↓↓↓

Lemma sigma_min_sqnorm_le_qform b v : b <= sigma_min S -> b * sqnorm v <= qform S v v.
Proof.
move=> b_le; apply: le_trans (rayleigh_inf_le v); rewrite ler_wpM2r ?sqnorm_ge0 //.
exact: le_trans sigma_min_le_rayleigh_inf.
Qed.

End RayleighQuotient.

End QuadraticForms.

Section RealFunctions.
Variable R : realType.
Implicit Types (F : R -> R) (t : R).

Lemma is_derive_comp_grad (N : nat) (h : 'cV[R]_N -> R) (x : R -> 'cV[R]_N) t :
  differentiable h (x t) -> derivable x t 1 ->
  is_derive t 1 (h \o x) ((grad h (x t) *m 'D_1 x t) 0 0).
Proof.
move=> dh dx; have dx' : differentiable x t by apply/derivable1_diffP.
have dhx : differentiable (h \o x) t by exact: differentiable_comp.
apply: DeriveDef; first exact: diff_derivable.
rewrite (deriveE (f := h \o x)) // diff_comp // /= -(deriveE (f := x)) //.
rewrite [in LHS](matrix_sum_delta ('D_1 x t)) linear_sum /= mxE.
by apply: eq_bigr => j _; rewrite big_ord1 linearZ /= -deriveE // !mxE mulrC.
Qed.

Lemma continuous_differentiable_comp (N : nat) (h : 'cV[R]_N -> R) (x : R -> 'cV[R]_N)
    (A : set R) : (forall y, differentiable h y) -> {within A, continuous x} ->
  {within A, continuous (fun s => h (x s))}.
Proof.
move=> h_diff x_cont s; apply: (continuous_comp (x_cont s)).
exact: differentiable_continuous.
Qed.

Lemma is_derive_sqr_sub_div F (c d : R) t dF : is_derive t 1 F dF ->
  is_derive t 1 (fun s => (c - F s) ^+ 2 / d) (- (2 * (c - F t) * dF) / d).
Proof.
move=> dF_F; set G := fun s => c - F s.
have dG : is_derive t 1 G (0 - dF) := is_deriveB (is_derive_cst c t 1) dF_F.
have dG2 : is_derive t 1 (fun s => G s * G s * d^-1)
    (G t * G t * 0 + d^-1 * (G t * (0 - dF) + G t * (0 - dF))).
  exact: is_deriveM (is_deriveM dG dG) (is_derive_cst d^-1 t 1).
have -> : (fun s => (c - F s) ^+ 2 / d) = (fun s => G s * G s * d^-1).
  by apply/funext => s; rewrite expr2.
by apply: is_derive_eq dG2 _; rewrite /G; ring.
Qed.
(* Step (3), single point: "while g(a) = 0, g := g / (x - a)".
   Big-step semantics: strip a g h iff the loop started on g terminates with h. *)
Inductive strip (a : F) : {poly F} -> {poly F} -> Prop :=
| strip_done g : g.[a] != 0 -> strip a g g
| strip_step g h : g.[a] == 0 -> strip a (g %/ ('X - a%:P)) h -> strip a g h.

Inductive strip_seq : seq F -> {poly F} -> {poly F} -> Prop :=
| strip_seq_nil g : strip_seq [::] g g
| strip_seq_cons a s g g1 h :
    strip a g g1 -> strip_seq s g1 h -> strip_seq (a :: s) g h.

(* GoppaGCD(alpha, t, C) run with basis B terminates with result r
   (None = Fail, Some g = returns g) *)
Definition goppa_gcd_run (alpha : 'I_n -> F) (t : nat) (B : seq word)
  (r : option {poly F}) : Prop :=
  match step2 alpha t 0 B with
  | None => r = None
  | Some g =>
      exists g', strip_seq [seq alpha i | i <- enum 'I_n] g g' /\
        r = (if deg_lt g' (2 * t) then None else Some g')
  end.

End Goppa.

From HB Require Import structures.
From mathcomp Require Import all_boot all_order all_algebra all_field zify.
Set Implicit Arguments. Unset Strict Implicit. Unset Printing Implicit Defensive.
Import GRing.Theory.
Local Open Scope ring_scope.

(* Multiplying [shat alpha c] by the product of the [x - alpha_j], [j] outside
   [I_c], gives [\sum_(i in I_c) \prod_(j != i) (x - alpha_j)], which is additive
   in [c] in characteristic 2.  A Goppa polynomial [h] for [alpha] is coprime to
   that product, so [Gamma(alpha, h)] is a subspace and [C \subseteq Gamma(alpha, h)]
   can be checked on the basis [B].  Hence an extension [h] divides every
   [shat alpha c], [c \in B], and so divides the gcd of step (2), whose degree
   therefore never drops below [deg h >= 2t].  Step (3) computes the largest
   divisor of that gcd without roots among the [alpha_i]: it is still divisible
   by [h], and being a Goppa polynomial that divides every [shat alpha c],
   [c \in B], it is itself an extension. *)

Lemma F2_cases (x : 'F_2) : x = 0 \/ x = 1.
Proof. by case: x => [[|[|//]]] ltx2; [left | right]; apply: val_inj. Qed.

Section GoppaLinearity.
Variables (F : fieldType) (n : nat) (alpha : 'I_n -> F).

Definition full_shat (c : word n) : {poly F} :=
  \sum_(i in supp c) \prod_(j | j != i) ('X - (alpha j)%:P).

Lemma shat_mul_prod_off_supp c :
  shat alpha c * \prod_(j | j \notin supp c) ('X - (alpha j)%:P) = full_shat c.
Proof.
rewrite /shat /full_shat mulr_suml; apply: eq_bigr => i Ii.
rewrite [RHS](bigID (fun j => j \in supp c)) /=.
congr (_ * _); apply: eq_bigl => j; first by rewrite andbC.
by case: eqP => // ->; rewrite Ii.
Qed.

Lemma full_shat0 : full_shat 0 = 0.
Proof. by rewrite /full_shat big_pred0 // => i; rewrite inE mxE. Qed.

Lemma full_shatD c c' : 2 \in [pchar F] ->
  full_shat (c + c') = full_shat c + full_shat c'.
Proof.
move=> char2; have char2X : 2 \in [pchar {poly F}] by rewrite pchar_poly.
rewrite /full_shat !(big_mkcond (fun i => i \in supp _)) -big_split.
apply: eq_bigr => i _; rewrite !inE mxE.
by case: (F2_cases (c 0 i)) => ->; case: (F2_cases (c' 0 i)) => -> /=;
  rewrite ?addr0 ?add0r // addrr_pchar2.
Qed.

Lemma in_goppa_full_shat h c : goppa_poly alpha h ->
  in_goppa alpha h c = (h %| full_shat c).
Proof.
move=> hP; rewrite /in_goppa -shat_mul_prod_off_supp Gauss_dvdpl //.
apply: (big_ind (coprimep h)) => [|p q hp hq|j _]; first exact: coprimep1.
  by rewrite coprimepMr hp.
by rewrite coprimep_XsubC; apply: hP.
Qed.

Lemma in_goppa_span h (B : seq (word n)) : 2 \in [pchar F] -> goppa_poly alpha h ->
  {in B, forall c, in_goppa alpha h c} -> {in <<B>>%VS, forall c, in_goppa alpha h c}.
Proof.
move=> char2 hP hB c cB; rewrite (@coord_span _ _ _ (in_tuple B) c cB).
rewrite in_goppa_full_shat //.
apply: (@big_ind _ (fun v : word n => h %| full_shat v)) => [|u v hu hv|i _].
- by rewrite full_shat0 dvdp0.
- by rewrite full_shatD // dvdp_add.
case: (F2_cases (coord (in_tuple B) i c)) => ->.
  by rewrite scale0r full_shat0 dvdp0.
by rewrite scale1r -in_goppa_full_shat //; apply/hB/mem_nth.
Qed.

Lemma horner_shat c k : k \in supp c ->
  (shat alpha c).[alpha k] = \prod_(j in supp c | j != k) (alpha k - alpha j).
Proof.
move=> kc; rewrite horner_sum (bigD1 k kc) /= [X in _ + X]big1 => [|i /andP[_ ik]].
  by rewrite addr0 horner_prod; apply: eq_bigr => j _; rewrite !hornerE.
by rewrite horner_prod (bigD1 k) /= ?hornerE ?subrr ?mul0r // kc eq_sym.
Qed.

↑↑↑
↓↓↓

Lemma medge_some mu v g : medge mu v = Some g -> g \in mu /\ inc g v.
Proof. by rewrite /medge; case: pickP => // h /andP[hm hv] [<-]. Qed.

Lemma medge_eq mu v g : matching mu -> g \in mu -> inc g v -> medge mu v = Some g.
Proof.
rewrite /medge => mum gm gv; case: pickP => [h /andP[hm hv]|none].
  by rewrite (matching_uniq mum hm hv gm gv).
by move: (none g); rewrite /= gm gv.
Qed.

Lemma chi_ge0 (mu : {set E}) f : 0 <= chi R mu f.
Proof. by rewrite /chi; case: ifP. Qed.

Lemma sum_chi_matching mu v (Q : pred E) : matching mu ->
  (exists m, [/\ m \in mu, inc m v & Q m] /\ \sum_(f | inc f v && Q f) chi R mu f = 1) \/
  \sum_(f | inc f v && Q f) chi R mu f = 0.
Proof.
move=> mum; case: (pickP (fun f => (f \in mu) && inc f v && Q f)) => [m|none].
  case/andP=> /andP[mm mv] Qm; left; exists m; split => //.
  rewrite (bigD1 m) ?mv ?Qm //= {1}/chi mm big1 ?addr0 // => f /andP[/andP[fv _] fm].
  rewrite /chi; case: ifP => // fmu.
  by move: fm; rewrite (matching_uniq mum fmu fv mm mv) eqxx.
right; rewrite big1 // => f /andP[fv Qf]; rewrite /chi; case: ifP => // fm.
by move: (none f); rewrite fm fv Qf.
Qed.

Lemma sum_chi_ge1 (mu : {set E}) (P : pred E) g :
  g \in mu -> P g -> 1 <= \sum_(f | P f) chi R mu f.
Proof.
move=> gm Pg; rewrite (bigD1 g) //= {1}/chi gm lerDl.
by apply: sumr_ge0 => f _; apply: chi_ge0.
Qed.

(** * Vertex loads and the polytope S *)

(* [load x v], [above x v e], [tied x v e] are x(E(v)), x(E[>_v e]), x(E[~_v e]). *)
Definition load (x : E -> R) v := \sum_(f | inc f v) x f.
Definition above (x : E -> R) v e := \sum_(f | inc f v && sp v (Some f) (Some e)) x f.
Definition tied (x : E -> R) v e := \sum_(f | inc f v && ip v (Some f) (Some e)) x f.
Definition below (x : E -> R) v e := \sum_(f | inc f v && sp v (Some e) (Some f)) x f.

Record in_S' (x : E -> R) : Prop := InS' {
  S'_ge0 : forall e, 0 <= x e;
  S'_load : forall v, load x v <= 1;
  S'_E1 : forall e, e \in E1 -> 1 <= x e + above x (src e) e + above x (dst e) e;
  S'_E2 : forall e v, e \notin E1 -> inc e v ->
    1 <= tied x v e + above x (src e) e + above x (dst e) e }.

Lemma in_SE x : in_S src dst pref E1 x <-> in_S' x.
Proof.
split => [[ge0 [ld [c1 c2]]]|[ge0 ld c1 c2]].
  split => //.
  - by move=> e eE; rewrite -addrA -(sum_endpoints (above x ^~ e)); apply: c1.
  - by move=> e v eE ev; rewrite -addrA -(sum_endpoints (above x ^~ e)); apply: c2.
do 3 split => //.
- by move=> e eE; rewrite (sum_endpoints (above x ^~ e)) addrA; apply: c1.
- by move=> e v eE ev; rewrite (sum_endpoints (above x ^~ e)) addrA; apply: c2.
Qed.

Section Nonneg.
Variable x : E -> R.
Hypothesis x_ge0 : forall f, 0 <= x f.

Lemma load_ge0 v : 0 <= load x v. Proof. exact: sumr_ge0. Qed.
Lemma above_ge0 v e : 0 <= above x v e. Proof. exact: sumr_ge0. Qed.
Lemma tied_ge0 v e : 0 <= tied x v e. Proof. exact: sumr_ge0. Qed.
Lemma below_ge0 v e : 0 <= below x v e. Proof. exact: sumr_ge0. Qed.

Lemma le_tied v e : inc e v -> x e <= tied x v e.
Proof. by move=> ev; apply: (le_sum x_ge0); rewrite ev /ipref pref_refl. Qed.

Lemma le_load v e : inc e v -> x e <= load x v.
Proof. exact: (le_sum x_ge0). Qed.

↑↑↑

Output the lines above exactly, but only those between the line holding "[c \in B], it is itself an extension. *)" and the line holding "Definition full_shat (c", inclusive.

§ **Solution to the problem**:
   [c \in B], it is itself an extension. *)

Lemma F2_cases (x : 'F_2) : x = 0 \/ x = 1.
Proof. by case: x => [[|[|//]]] ltx2; [left | right]; apply: val_inj. Qed.

Section GoppaLinearity.
Variables (F : fieldType) (n : nat) (alpha : 'I_n -> F).

Definition full_shat (c : word n) : {poly F} :=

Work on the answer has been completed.